---------- Data in this exercise ----------
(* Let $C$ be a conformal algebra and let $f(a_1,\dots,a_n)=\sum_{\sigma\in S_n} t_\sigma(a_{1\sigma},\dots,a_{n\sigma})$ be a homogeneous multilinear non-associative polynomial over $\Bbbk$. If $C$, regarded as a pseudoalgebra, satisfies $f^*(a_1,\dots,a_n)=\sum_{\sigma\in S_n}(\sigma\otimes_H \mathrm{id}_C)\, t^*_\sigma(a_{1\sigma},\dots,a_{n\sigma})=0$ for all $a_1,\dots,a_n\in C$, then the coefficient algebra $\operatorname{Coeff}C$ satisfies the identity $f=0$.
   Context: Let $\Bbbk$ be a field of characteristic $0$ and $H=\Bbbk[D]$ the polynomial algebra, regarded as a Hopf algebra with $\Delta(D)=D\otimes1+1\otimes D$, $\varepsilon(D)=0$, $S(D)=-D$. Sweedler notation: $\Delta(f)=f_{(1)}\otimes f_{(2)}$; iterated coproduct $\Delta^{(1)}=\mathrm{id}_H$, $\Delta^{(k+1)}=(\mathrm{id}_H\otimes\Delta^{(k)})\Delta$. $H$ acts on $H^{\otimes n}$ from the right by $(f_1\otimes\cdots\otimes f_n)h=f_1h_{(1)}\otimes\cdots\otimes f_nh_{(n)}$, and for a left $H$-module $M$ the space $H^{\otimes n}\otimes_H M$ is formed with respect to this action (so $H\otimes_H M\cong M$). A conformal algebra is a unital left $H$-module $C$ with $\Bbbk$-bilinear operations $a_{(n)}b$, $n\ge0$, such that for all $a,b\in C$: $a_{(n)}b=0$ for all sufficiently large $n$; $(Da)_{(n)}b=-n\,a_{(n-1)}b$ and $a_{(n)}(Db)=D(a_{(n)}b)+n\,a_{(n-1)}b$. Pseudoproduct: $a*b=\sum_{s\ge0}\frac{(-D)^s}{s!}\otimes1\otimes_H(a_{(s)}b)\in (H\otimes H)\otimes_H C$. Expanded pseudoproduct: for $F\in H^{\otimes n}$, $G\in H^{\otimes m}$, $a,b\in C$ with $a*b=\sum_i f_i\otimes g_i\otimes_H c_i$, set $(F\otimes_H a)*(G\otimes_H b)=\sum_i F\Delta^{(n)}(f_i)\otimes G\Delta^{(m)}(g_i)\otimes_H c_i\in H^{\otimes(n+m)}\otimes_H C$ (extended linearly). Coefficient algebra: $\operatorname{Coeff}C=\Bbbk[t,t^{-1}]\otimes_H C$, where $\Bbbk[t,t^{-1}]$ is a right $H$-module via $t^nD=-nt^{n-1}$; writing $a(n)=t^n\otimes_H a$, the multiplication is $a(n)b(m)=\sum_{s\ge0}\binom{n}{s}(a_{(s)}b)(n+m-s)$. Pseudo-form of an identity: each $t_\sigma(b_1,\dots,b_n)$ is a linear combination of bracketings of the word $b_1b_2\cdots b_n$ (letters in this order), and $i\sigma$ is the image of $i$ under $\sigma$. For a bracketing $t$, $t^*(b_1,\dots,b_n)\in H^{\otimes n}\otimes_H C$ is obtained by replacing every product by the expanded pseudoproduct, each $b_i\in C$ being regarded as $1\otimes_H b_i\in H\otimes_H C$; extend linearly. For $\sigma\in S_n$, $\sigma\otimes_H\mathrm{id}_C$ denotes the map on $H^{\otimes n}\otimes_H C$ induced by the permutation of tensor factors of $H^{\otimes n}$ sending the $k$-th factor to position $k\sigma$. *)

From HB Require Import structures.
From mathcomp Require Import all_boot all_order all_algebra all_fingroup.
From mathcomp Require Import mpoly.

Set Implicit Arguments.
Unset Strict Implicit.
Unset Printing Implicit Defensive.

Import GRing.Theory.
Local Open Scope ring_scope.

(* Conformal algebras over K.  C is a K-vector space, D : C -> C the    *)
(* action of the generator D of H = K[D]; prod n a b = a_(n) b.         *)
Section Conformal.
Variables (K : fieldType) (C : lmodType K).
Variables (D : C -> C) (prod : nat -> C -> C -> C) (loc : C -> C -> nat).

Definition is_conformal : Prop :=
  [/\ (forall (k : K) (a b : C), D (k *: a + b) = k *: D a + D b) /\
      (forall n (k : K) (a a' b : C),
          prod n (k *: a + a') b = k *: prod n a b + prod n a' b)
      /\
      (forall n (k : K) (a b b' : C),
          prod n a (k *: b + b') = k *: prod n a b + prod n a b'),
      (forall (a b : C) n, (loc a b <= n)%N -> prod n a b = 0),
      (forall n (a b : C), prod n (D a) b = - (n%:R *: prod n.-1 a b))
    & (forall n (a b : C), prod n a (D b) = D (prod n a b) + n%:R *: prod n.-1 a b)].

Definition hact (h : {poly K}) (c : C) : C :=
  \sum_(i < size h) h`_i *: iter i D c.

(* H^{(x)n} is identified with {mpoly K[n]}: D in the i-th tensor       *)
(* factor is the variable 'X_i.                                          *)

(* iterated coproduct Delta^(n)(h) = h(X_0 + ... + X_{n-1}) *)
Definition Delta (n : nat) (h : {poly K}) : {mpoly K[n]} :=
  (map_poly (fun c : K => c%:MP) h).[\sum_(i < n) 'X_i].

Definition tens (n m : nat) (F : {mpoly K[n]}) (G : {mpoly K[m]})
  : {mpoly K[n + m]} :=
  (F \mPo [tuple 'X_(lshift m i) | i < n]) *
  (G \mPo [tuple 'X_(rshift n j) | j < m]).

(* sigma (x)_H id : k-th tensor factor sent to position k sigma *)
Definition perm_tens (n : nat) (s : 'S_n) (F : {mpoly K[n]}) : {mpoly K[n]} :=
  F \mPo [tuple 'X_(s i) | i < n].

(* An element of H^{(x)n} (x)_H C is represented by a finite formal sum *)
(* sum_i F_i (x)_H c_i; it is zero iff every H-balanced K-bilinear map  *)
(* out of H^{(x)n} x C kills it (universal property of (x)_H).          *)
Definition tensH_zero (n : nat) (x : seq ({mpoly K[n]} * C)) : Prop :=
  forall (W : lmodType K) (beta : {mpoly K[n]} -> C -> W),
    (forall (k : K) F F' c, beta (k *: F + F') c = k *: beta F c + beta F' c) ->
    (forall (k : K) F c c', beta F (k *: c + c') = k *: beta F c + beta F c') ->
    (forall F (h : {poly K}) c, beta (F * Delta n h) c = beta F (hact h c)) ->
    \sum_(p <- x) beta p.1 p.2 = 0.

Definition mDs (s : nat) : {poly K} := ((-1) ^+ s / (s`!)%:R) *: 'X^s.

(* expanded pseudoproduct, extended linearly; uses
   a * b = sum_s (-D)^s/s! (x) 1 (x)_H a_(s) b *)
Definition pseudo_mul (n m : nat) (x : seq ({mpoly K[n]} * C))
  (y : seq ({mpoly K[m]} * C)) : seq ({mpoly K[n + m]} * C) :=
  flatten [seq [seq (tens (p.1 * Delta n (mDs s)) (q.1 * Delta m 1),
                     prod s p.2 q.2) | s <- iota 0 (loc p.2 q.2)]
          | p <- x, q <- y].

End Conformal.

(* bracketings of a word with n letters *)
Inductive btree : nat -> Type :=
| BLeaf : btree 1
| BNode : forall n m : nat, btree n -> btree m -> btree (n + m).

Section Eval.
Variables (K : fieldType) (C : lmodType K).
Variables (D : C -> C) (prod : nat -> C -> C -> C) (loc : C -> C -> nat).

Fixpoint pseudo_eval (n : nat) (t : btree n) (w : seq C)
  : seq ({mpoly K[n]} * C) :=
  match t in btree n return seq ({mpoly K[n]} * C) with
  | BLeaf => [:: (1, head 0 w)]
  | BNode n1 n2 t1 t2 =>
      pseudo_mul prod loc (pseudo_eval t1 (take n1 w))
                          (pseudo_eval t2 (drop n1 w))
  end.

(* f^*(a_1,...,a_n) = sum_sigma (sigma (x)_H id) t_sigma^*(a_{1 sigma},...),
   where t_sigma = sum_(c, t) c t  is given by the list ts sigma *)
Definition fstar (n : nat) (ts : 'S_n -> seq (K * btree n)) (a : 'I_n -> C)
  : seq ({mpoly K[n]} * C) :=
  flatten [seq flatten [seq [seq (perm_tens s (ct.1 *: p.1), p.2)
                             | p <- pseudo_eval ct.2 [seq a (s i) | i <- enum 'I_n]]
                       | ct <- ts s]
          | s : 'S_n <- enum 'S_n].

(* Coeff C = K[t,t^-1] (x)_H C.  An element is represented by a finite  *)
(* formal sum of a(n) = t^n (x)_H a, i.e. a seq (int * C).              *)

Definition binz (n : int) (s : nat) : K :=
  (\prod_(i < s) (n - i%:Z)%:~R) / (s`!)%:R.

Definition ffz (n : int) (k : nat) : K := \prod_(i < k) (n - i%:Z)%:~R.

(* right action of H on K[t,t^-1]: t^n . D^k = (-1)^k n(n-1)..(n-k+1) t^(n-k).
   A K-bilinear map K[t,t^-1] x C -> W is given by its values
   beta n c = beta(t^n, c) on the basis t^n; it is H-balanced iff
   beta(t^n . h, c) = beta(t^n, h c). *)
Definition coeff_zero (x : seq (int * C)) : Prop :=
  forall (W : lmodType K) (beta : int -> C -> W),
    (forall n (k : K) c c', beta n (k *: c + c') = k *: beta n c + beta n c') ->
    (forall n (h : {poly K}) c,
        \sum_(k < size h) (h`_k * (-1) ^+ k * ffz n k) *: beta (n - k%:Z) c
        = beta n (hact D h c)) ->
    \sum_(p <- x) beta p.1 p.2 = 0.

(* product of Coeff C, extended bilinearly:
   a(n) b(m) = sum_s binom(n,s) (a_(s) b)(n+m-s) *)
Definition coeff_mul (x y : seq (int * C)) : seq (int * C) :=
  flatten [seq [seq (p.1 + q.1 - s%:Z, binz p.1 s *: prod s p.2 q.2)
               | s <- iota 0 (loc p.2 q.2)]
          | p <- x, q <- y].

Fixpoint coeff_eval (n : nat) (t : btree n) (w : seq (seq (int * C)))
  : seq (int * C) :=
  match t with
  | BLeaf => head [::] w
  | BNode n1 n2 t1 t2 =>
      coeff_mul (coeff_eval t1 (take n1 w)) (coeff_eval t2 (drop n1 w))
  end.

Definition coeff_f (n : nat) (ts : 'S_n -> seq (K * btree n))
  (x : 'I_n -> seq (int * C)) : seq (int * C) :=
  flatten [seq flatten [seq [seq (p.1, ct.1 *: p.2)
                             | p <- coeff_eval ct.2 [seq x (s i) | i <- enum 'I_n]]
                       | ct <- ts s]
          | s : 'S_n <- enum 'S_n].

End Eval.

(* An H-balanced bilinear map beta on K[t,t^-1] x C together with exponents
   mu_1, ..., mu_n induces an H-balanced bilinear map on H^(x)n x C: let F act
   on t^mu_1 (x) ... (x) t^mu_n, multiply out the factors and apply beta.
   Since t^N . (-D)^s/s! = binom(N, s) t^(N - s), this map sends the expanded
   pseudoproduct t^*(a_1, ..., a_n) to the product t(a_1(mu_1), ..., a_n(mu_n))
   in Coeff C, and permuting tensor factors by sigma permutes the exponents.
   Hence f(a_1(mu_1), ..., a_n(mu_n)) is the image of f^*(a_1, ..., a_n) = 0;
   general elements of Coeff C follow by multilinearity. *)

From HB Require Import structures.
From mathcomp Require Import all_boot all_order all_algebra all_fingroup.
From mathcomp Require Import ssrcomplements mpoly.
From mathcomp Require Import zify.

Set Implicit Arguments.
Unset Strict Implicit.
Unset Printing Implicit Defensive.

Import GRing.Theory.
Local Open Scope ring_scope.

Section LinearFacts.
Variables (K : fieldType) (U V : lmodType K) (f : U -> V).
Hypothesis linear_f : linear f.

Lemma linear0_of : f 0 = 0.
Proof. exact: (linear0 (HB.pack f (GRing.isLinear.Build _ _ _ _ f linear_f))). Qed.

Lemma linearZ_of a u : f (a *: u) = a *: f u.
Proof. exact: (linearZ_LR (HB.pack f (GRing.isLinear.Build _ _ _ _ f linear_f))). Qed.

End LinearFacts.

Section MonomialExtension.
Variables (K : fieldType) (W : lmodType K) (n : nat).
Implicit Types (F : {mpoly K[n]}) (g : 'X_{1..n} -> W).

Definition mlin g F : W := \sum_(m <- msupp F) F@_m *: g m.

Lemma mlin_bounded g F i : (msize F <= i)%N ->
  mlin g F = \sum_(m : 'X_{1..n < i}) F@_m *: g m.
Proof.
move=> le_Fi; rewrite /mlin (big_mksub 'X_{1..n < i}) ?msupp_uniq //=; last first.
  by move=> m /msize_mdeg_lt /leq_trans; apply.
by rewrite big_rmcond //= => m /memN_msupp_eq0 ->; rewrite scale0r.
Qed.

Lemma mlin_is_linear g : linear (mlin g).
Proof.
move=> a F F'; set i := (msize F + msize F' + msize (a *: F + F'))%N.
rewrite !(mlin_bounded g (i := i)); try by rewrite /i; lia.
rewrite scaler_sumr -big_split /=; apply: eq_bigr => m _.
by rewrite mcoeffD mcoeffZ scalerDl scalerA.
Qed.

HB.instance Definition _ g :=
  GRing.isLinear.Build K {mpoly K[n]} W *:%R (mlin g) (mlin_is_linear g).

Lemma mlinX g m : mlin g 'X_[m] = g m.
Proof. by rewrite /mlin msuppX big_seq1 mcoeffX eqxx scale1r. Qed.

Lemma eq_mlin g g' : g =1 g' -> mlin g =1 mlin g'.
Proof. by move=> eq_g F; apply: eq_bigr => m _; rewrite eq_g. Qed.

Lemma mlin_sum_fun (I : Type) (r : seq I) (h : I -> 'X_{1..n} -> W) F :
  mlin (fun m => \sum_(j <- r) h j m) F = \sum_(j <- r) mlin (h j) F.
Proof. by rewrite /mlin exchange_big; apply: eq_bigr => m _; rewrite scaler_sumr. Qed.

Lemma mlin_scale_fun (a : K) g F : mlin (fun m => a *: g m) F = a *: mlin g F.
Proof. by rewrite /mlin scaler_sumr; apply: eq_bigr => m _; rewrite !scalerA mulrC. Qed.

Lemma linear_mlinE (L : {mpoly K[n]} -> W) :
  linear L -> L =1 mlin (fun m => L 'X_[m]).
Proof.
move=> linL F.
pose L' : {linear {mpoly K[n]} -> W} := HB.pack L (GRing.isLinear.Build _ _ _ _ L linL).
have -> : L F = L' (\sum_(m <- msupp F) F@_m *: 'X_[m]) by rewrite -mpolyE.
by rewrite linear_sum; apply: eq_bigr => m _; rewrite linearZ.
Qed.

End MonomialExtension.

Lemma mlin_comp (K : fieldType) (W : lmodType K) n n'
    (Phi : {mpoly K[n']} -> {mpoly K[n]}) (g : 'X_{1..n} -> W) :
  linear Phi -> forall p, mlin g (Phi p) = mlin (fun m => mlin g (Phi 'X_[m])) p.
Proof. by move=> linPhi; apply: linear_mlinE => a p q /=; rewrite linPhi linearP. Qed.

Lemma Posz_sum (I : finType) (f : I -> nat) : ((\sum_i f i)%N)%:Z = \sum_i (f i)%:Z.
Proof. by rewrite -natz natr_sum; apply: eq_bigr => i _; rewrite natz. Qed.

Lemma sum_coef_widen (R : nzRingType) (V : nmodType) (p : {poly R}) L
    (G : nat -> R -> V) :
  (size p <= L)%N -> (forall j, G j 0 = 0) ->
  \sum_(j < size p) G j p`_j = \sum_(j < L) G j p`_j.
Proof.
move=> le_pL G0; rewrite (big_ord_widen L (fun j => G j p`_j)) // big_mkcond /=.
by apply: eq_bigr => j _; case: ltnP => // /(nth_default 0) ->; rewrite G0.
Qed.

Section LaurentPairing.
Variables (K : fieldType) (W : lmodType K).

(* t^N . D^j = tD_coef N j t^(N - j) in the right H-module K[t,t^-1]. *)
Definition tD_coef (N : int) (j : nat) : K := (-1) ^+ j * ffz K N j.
----------
*Assigned task*: The lines holding the word "Variables" are the answer. Pull them out of the records and copy them.

*Result*:
Variables (K : fieldType) (C : lmodType K).
Variables (D : C -> C) (prod : nat -> C -> C -> C) (loc : C -> C -> nat).
Variables (K : fieldType) (C : lmodType K).
Variables (D : C -> C) (prod : nat -> C -> C -> C) (loc : C -> C -> nat).
Variables (K : fieldType) (U V : lmodType K) (f : U -> V).
Variables (K : fieldType) (W : lmodType K) (n : nat).
Variables (K : fieldType) (W : lmodType K).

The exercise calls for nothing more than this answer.